Lemma gd_invariant_merge s u v : gd_invariant s -> tight dist pos atime sgn s u v ->
  gd_invariant (merge_result s u v).
Proof.
move=> I [[ua va _ nuv] _]; set S := act s u :|: act s v.
have disj_uv := act_disjoint I ua va nuv.
have class_out w x : w \in arrived s -> w \notin S -> x \in act s w -> x \notin S.
  move=> wa wS xw; apply: contra wS => /setUP [xu|xv]; rewrite inE.
    by rewrite -(act_class I ua xu) (act_class I wa xw) mem_act.
  by rewrite -(act_class I va xv) (act_class I wa xw) mem_act ?orbT.
split => /=.
- exact: free_arrived I.
- by move=> w wa; case: ifP => wS //; apply: mem_act.
- move=> w wa; case: ifP => _; last exact: act_arrived.
  by rewrite subUset !act_arrived.
- move=> w x wa; case: ifP => wS; first by move=> ->.
  by move=> xw; rewrite (negbTE (class_out w x wa (negbT wS) xw)) (act_class I wa).
- move=> w wa; case: ifP => _; last exact: matched_balanced.
  rewrite setDUl; apply: balancedU; rewrite ?matched_balanced //.
  by apply: disjointW disj_uv; apply: subsetDl.
- exact: accrued_wait_dual I.
Qed.

Lemma gd_invariant_match s u v : gd_invariant s -> can_match sgn s u v ->
  gd_invariant (match_result s u v).
Proof.
move=> I [uF vF nuv suv auv].
have [ua va] : u \in arrived s /\ v \in arrived s.
  by rewrite !(subsetP (free_arrived I)).
split => //=.
- by apply/subsetP => x /setD1P [_ /setD1P [_ /(subsetP (free_arrived I))]].
- exact: mem_act I.
- exact: act_arrived I.
- exact: act_class I.
- move=> w wa; rewrite setDDl setDDr.
  have [uw|uw] := boolP (u \in act s w).
    have vw : v \in act s w by rewrite -(act_class I wa uw) auv mem_act.
    rewrite (setIidPr _) ?subUset ?sub1set ?uw ?vw //.
    apply: balancedU; rewrite ?matched_balanced ?balanced_pair //.
    rewrite disjoints_subset setDE subIset //; apply/orP; right.
    by rewrite setCS subUset !sub1set uF vF.
  have vw : v \notin act s w.
    by apply: contra uw => vw; rewrite -(act_class I wa vw) -auv mem_act.
  rewrite (_ : act s w :&: _ = set0) ?setU0 ?matched_balanced //.
  apply/setP => x; rewrite !inE.
  case: eqVneq => [->|_]; rewrite ?(negbTE uw) //=.
  by case: eqVneq => [->|_]; rewrite ?(negbTE vw) ?andbF.
- rewrite [RHS](_ : _ = sur_dual bip sgn s) // -(accrued_wait_dual I).
  apply: eq_bigr => x _ /=; rewrite !inE.
  by case: eqVneq => [->|_]; case: eqVneq => [->|_]; rewrite ?uF ?vF ?orbT.
Qed.

Hypothesis signs : sign_pattern.

Lemma free_unmatchable s w x y : gd_invariant s -> ~ matchable sgn s -> w \in arrived s ->
  x \in act s w :&: freereq s -> y \in act s w :&: freereq s -> x != y ->
  sgn x <> - sgn y.
Proof.
move=> I nM wa; rewrite !inE => /andP [xw xF] /andP [yw yF] nxy sxy.
by apply: nM; exists x, y; split; rewrite ?(act_class I wa xw) ?(act_class I wa yw).
Qed.

Lemma sur_act_free s w : gd_invariant s -> ~ matchable sgn s -> w \in freereq s ->
  sur bip sgn (act s w) = #|act s w :&: freereq s|.
Proof.
move=> I nM wF; have wa := subsetP (free_arrived I) w wF.
have wAF : w \in act s w :&: freereq s by rewrite inE mem_act.
have := matched_balanced I wa; rewrite /balanced /sur.
move: signs; rewrite /sign_pattern; case: bip => sg.
  move=> /eqP matched0; rewrite (big_setID (freereq s)) /= matched0 addr0.
  have same x : x \in act s w :&: freereq s -> sgn x = sgn w.
    move=> xAF; have [->|nxw] := eqVneq x w => //.
    have := free_unmatchable I nM wa xAF wAF nxw.
    by case: (sg x) => ->; case: (sg w) => ->.
  rewrite (eq_bigr _ same) sumr_const -mulr_natr abszM natz.
  by case: (sg w) => ->; rewrite mul1n.
have le1 : (#|act s w :&: freereq s| <= 1)%N.
  rewrite leqNgt; apply/card_gt1P => -[x [y [xF yF nxy]]].
  by apply: (free_unmatchable I nM wa xF yF nxy); rewrite !sg.
rewrite -(cardsID (freereq s) (act s w)) => even_matched.
have := modn2 #|act s w :\: freereq s|; rewrite (negbTE even_matched).
lia.
Qed.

EXERCISE BRIEF.
Print the entries again so that each one matches exactly.

RESULT FOR THIS TASK.
Lemma gd_invariant_merge s u v : gd_invariant s -> tight dist pos atime sgn s u v ->
  gd_invariant (merge_result s u v).
Proof.
move=> I [[ua va _ nuv] _]; set S := act s u :|: act s v.
have disj_uv := act_disjoint I ua va nuv.
have class_out w x : w \in arrived s -> w \notin S -> x \in act s w -> x \notin S.
  move=> wa wS xw; apply: contra wS => /setUP [xu|xv]; rewrite inE.
    by rewrite -(act_class I ua xu) (act_class I wa xw) mem_act.
  by rewrite -(act_class I va xv) (act_class I wa xw) mem_act ?orbT.
split => /=.
- exact: free_arrived I.
- by move=> w wa; case: ifP => wS //; apply: mem_act.
- move=> w wa; case: ifP => _; last exact: act_arrived.
  by rewrite subUset !act_arrived.
- move=> w x wa; case: ifP => wS; first by move=> ->.
  by move=> xw; rewrite (negbTE (class_out w x wa (negbT wS) xw)) (act_class I wa).
- move=> w wa; case: ifP => _; last exact: matched_balanced.
  rewrite setDUl; apply: balancedU; rewrite ?matched_balanced //.
  by apply: disjointW disj_uv; apply: subsetDl.
- exact: accrued_wait_dual I.
Qed.

Lemma gd_invariant_match s u v : gd_invariant s -> can_match sgn s u v ->
  gd_invariant (match_result s u v).
Proof.
move=> I [uF vF nuv suv auv].
have [ua va] : u \in arrived s /\ v \in arrived s.
  by rewrite !(subsetP (free_arrived I)).
split => //=.
- by apply/subsetP => x /setD1P [_ /setD1P [_ /(subsetP (free_arrived I))]].
- exact: mem_act I.
- exact: act_arrived I.
- exact: act_class I.
- move=> w wa; rewrite setDDl setDDr.
  have [uw|uw] := boolP (u \in act s w).
    have vw : v \in act s w by rewrite -(act_class I wa uw) auv mem_act.
    rewrite (setIidPr _) ?subUset ?sub1set ?uw ?vw //.
    apply: balancedU; rewrite ?matched_balanced ?balanced_pair //.
    rewrite disjoints_subset setDE subIset //; apply/orP; right.
    by rewrite setCS subUset !sub1set uF vF.
  have vw : v \notin act s w.
    by apply: contra uw => vw; rewrite -(act_class I wa vw) -auv mem_act.
  rewrite (_ : act s w :&: _ = set0) ?setU0 ?matched_balanced //.
  apply/setP => x; rewrite !inE.
  case: eqVneq => [->|_]; rewrite ?(negbTE uw) //=.
  by case: eqVneq => [->|_]; rewrite ?(negbTE vw) ?andbF.
- rewrite [RHS](_ : _ = sur_dual bip sgn s) // -(accrued_wait_dual I).
  apply: eq_bigr => x _ /=; rewrite !inE.
  by case: eqVneq => [->|_]; case: eqVneq => [->|_]; rewrite ?uF ?vF ?orbT.
Qed.

Hypothesis signs : sign_pattern.

Lemma free_unmatchable s w x y : gd_invariant s -> ~ matchable sgn s -> w \in arrived s ->
  x \in act s w :&: freereq s -> y \in act s w :&: freereq s -> x != y ->
  sgn x <> - sgn y.
Proof.
move=> I nM wa; rewrite !inE => /andP [xw xF] /andP [yw yF] nxy sxy.
by apply: nM; exists x, y; split; rewrite ?(act_class I wa xw) ?(act_class I wa yw).
Qed.

Lemma sur_act_free s w : gd_invariant s -> ~ matchable sgn s -> w \in freereq s ->
  sur bip sgn (act s w) = #|act s w :&: freereq s|.
Proof.
move=> I nM wF; have wa := subsetP (free_arrived I) w wF.
have wAF : w \in act s w :&: freereq s by rewrite inE mem_act.
have := matched_balanced I wa; rewrite /balanced /sur.
move: signs; rewrite /sign_pattern; case: bip => sg.
  move=> /eqP matched0; rewrite (big_setID (freereq s)) /= matched0 addr0.
  have same x : x \in act s w :&: freereq s -> sgn x = sgn w.
    move=> xAF; have [->|nxw] := eqVneq x w => //.
    have := free_unmatchable I nM wa xAF wAF nxw.
    by case: (sg x) => ->; case: (sg w) => ->.
  rewrite (eq_bigr _ same) sumr_const -mulr_natr abszM natz.
  by case: (sg w) => ->; rewrite mul1n.
have le1 : (#|act s w :&: freereq s| <= 1)%N.
  rewrite leqNgt; apply/card_gt1P => -[x [y [xF yF nxy]]].
  by apply: (free_unmatchable I nM wa xF yF nxy); rewrite !sg.
rewrite -(cardsID (freereq s) (act s w)) => even_matched.
have := modn2 #|act s w :\: freereq s|; rewrite (negbTE even_matched).
lia.
Qed.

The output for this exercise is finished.